Оба товарняка грохнули почти одновременно.
— А девчонки хорошие есть? — крикнул Володя, не жалея глотку и ругаясь в досаде, что не удается поговорить о самом главном. Ответ дружка, хоть тот и старался изо всех сил кричать, еле услышали:
— Есть одна… Красивая! Но ни на какую приманку не идет… Да ты о ней сразу услышишь: Катька-монашка… А еще ее называют…
А как еще называют, уже расслышать не смогли.
Не о ней ли это, о моей давней знакомой, о невестке тети Паши?
И сердце вновь защемило, затосковало: где она, моя счастливая доля?
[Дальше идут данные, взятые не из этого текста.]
(* Let $\alpha\ge\aleph_0$ be a cardinal, let $X$ be a commutative topological $\alpha$-generated algebra over $\mathbb{K}$ which is first-countable, and let $M\subset X$. Then $M$ is $\alpha$-infinitely strongly $\alpha$-dense-algebrable if and only if $M$ is strongly $\alpha$-dense-algebrable.
   Context: Algebras are associative linear algebras over $\mathbb{K}$ ($\mathbb{R}$ or $\mathbb{C}$); a topological algebra has continuous sum, product and scalar multiplication. An algebra is $\alpha$-generated if $\alpha$ is the smallest cardinality of a subset generating it as an algebra. $\langle S\rangle$ is the subalgebra generated by $S$. With $\mathbb{P}_n$ the polynomials in $n$ variables without constant term, $S$ is a set of free generators (SFG) if $P(x_1,\dots,x_n)\neq0$ for every $n$, every non-zero $P\in\mathbb{P}_n$ and all pairwise distinct $x_1,\dots,x_n\in S$. An $\alpha$-generated free subalgebra is $\langle F\rangle$ with $F$ an SFG of cardinality $\alpha$. $M$ is strongly $\alpha$-dense-algebrable if $M\cup\{0\}$ contains a dense $\alpha$-generated free subalgebra of $X$; $M$ is $\alpha$-infinitely strongly $\alpha$-dense-algebrable if there is a family $\{Y_\kappa\}_{\kappa<\alpha}$ of dense $\alpha$-generated free subalgebras of $X$ with $Y_\kappa\subset M\cup\{0\}$ and $Y_{\kappa_1}\cap Y_{\kappa_2}=\{0\}$ for $\kappa_1\neq\kappa_2$. *)

From HB Require Import structures.
From mathcomp Require Import all_boot all_order all_algebra.
From mathcomp Require Import mpoly.
From mathcomp Require Import all_classical all_reals all_analysis.
From mathcomp Require complex.
Import complex.

Set Implicit Arguments.
Unset Strict Implicit.
Unset Printing Implicit Defensive.

Import Order.TTheory GRing.Theory Num.Theory.
Local Open Scope classical_set_scope.
Local Open Scope ring_scope.

Definition scalarK (R : realType) (b : bool) : numFieldType :=
  if b then (R : numFieldType) else (complex R : numFieldType).

Section Alg.
Variables (K : numFieldType) (X : topologicalLmodType K).
Variable mul : X -> X -> X.

(* (X, +, *:, mul) is a commutative associative K-algebra (not necessarily
   unital) whose product is (jointly) continuous; continuity of + and *:
   is part of the topologicalLmodType structure. *)
Definition comm_top_algebra : Prop :=
  [/\ (forall x y z, mul x (mul y z) = mul (mul x y) z),
      (forall x y, mul x y = mul y x),
      (forall (a : K) x y z, mul (a *: x + y) z = a *: mul x z + mul y z)
    & continuous (fun p : X * X => mul p.1 p.2)].

Definition first_countable : Prop :=
  forall x : X, exists B : nat -> set X,
    (forall k, nbhs x (B k)) /\
    (forall U, nbhs x U -> exists k, B k `<=` U).

Definition subalgebra (Y : set X) : Prop :=
  [/\ Y 0,
      (forall x y, Y x -> Y y -> Y (x + y)),
      (forall (a : K) x, Y x -> Y (a *: x))
    & (forall x y, Y x -> Y y -> Y (mul x y))].

Definition gen (S : set X) : set X :=
  \bigcap_(Y in [set Y | subalgebra Y /\ S `<=` Y]) Y.

Definition nprod (s : seq X) : X :=
  if s is a :: s' then foldl mul a s' else 0.

Definition mono_eval n (m : mpoly.multinom n) (x : 'I_n -> X) : X :=
  nprod (flatten [seq nseq (mpoly.fun_of_multinom m i) (x i) | i <- enum 'I_n]).

Definition peval n (P : mpoly.mpoly n K) (x : 'I_n -> X) : X :=
  \sum_(m <- mpoly.msupp P) mpoly.mcoeff m P *: mono_eval m x.

Definition no_const n (P : mpoly.mpoly n K) : Prop :=
  mpoly.mcoeff (@mpoly.mnm0 n) P = 0.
Может, там, куда еду…
Мы опасались, что товарняк на нужной нам станции не остановится. Так и случилось. Прыгали на ходу. Труднее всего пришлось Саранскому — то ли себя поберечь, то ли гитару. Не один раз упомянул он какого-то непонятного своего бабая. Но все обошлось, и к нему вернулась постоянная его веселость. Увидев на одной из платформ товарняка дерущихся, он устремился следом, прыгая на костылях и выкрикивая:
— Так ему! Так! Всыпь еще! В рыло дай! Под дыхало!
Кричал, пока успевал за поездом. Вернулся довольный, точно доброе дело сделал.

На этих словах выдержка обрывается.